------ EXERCISE DATA

(* Let $P\in\mathbb{R}^N$ and $a\in\mathbb{R}$. If the equation $H(x,Du+P)=a$ in $\mathbb{R}^N$ admits a bounded $\mathbb{Z}^N$-periodic upper semicontinuous viscosity subsolution and a bounded $\mathbb{Z}^N$-periodic lower semicontinuous viscosity supersolution, then $a=\overline H(P)$.
   Context: $V:\mathbb{R}^N\to\mathbb{R}^N$ is $\mathbb{Z}^N$-periodic and Lipschitz continuous; $H(x,p)=|p|+p\cdot V(x)$. $\overline H(P)=\inf\{a\in\mathbb{R}\mid H(x,Du+P)=a$ admits an upper semicontinuous, bounded, $\mathbb{Z}^N$-periodic viscosity subsolution on $\mathbb{R}^N\}$. *)

From HB Require Import structures.
From mathcomp Require Import all_boot all_order all_algebra.
From mathcomp Require Import all_classical all_reals all_analysis.
Set Implicit Arguments. Unset Strict Implicit. Unset Printing Implicit Defensive.
Import Order.TTheory GRing.Theory Num.Theory.
Import numFieldNormedType.Exports.
Local Open Scope classical_set_scope.
Local Open Scope ring_scope.

Section Defs.
Variables (R : realType) (N : nat).
Notation vec := 'rV[R]_N.

Definition dotp (p q : vec) : R := \sum_(i < N) p 0 i * q 0 i.
Definition enorm (p : vec) : R := Num.sqrt (dotp p p).

Definition Ham (V : vec -> vec) (x p : vec) : R := enorm p + dotp p (V x).

Definition intvec (z : 'rV[int]_N) : vec := map_mx (fun t : int => t%:~R) z.

Definition Zperiodic {T : Type} (f : vec -> T) : Prop :=
  forall (x : vec) (z : 'rV[int]_N), f (x + intvec z) = f x.

Definition lipschitz_vf (V : vec -> vec) : Prop :=
  exists L : R, forall x y : vec, enorm (V x - V y) <= L * enorm (x - y).

Definition bdd_fun (u : vec -> R) : Prop :=
  exists M : R, forall x, `|u x| <= M.

Definition usc (u : vec -> R) : Prop :=
  forall (x : vec) (c : R), u x < c -> \forall y \near x, u y < c.
Definition lsc (u : vec -> R) : Prop :=
  forall (x : vec) (c : R), c < u x -> \forall y \near x, c < u y.

Definition grad (phi : vec -> R) (x : vec) : vec :=
  \row_(i < N) ('d phi x (delta_mx 0 i : vec)).

Definition C1 (phi : vec -> R) : Prop :=
  (forall x, differentiable phi x) /\
  (forall i : 'I_N, continuous (fun x => 'd phi x (delta_mx 0 i : vec))).

Definition visc_sub (V : vec -> vec) (P : vec) (a : R) (u : vec -> R) : Prop :=
  usc u /\
  forall (phi : vec -> R) (x0 : vec), C1 phi ->
    (\forall y \near x0, u y - phi y <= u x0 - phi x0) ->
    Ham V x0 (grad phi x0 + P) <= a.

Definition visc_super (V : vec -> vec) (P : vec) (a : R) (u : vec -> R) : Prop :=
  lsc u /\
  forall (phi : vec -> R) (x0 : vec), C1 phi ->
    (\forall y \near x0, u x0 - phi x0 <= u y - phi y) ->
    a <= Ham V x0 (grad phi x0 + P).

Definition Hbar (V : vec -> vec) (P : vec) : \bar R :=
  ereal_inf [set a%:E | a in [set a : R |
     exists u : vec -> R, visc_sub V P a u /\ bdd_fun u /\ Zperiodic u]].

End Defs.

(* Hbar(P) <= a since u is admissible in the infimum defining Hbar(P).  For
   the converse, let w be a bounded periodic subsolution of level b; we show
   a <= b by doubling variables.  Phi_c(x, y) = w(x) - v(y) - c |x - y|^2 attains
   its maximum: periodicity brings maximizing pairs into a compact box, and Phi_c
   is upper semicontinuous.  Comparing the maxima m_c and m_2c shows that
   c |x_2c - y_2c|^2 <= m_c - m_2c, so along c = 2^k (the maxima being bounded)
   the penalty at the maximizer becomes arbitrarily small.  Testing
   w at x_c and v at y_c with quadratics gives
   a - b <= (2c (x_c - y_c) + P) . (V y_c - V x_c),
   which the Lipschitz bound on V and Young's inequality make arbitrarily small. *)

From HB Require Import structures.
From mathcomp Require Import all_boot all_order all_algebra.
From mathcomp Require Import all_classical all_reals all_analysis.
From mathcomp Require Import ring lra.
Set Implicit Arguments. Unset Strict Implicit. Unset Printing Implicit Defensive.
Import Order.TTheory GRing.Theory Num.Theory.
Import numFieldNormedType.Exports.
Local Open Scope classical_set_scope.
Local Open Scope ring_scope.

Section InnerProduct.
Variables (R : realType) (N : nat).
Implicit Types (p q w : 'rV[R]_N) (k : R).

Lemma dotpC p q : dotp p q = dotp q p.
Proof. by apply: eq_bigr => i _; rewrite mulrC. Qed.

Lemma dotpDl p q w : dotp (p + q) w = dotp p w + dotp q w.
Proof. by rewrite /dotp -big_split; apply: eq_bigr => i _; rewrite !mxE mulrDl. Qed.

Lemma dotpBr p q w : dotp p (q - w) = dotp p q - dotp p w.
Proof. by rewrite /dotp -sumrB; apply: eq_bigr => i _; rewrite !mxE mulrBr. Qed.

Lemma dotpZl k p q : dotp (k *: p) q = k * dotp p q.
Proof. by rewrite /dotp mulr_sumr; apply: eq_bigr => i _; rewrite !mxE mulrA. Qed.

Lemma dotpNN p q : dotp (- p) (- q) = dotp p q.
Proof. by apply: eq_bigr => i _; rewrite !mxE mulrNN. Qed.

Lemma dotp0l p : dotp 0 p = 0.
Proof. by rewrite /dotp big1 // => i _; rewrite mxE mul0r. Qed.

Lemma dotp_delta p i : dotp p (delta_mx 0 i) = p 0 i.
Proof.
rewrite /dotp (bigD1 i) //= big1 => [|j ji]; rewrite !mxE ?eqxx /=.
  by rewrite mulr1 addr0.
by rewrite (negbTE ji) mulr0.
Qed.

Lemma dotp_ge0 p : 0 <= dotp p p.
Proof. by apply: sumr_ge0 => i _; rewrite -expr2 sqr_ge0. Qed.

Lemma coord_sqr_le_dotp p i : p 0 i ^+ 2 <= dotp p p.
Proof.
rewrite /dotp (bigD1 i) //= -expr2 lerDl.
by apply: sumr_ge0 => j _; rewrite -expr2 sqr_ge0.
Qed.

Lemma dotp_le_mean p q : 2 * dotp p q <= dotp p p + dotp q q.
Proof.
rewrite /dotp -big_split mulr_sumr; apply: ler_sum => i _.
rewrite -subr_ge0.
have -> : p 0 i * p 0 i + q 0 i * q 0 i - 2 * (p 0 i * q 0 i) = (p 0 i - q 0 i) ^+ 2 by ring.
exact: sqr_ge0.
Qed.

Lemma dotp_young k p q : 0 < k -> 2 * dotp p q <= k * dotp p p + dotp q q / k.
Proof.
move=> k0; rewrite -(ler_pM2l k0) mulrCA -[k * dotp p q]dotpZl.
have -> : k * (k * dotp p p + dotp q q / k) = dotp (k *: p) (k *: p) + dotp q q.
  by rewrite dotpZl [dotp p (k *: p)]dotpC dotpZl; field; rewrite gt_eqF.
exact: dotp_le_mean.
Qed.

Lemma dotp_le_of_enorm_le k p q :
  enorm p <= k * enorm q -> dotp p p <= k ^+ 2 * dotp q q.
Proof.
rewrite /enorm => h.
rewrite -(sqr_sqrtr (dotp_ge0 p)) -(sqr_sqrtr (dotp_ge0 q)) -exprMn.
by rewrite ler_sqr ?nnegrE ?sqrtr_ge0 //; apply: le_trans h.
Qed.

Lemma Ham_subx (V : 'rV[R]_N -> 'rV[R]_N) x y q :
  Ham V x q - Ham V y q = dotp q (V x - V y).
Proof. by rewrite /Ham dotpBr; ring. Qed.

End InnerProduct.

Section Paraboloid.
Variables (R : realType) (N : nat).
Implicit Types (x z v : 'rV[R]_N) (k c : R).

Definition paraboloid z k c x := k + c * dotp (x - z) (x - z).

Lemma is_derive_coord (j : 'I_N) x v : is_derive x v (fun y : 'rV[R]_N => y 0 j) (v 0 j).
Proof.
have @f : {linear 'rV[R]_N -> R}.
  by exists (fun y : 'rV[R]_N => y 0 j); do 2![eexists]; do ?[constructor];
     rewrite ?mxE// => ? *; rewrite ?mxE//; move=> ?; rewrite !mxE.
have -> : (fun y : 'rV[R]_N => y 0 j) = f by [].
have df : differentiable f x by exact/linear_differentiable/coord_continuous.
apply: DeriveDef; first exact: diff_derivable.
by rewrite deriveE // diff_lin //; exact: coord_continuous.
Qed.

Lemma sqdist_sum z :
  (fun x => dotp (x - z) (x - z)) =
  \sum_(j < N) (fun x : 'rV[R]_N => (x 0 j - z 0 j) * (x 0 j - z 0 j)).
Proof. by apply/funext => x; rewrite fct_sumE; apply: eq_bigr => j _; rewrite !mxE. Qed.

------------

* _DIRECTIONS FOR THIS TASK_
If a line of the data holds the string "Section", list it.

* _EXERCISE RESPONSE_
Section Defs.
Section InnerProduct.
Section Paraboloid.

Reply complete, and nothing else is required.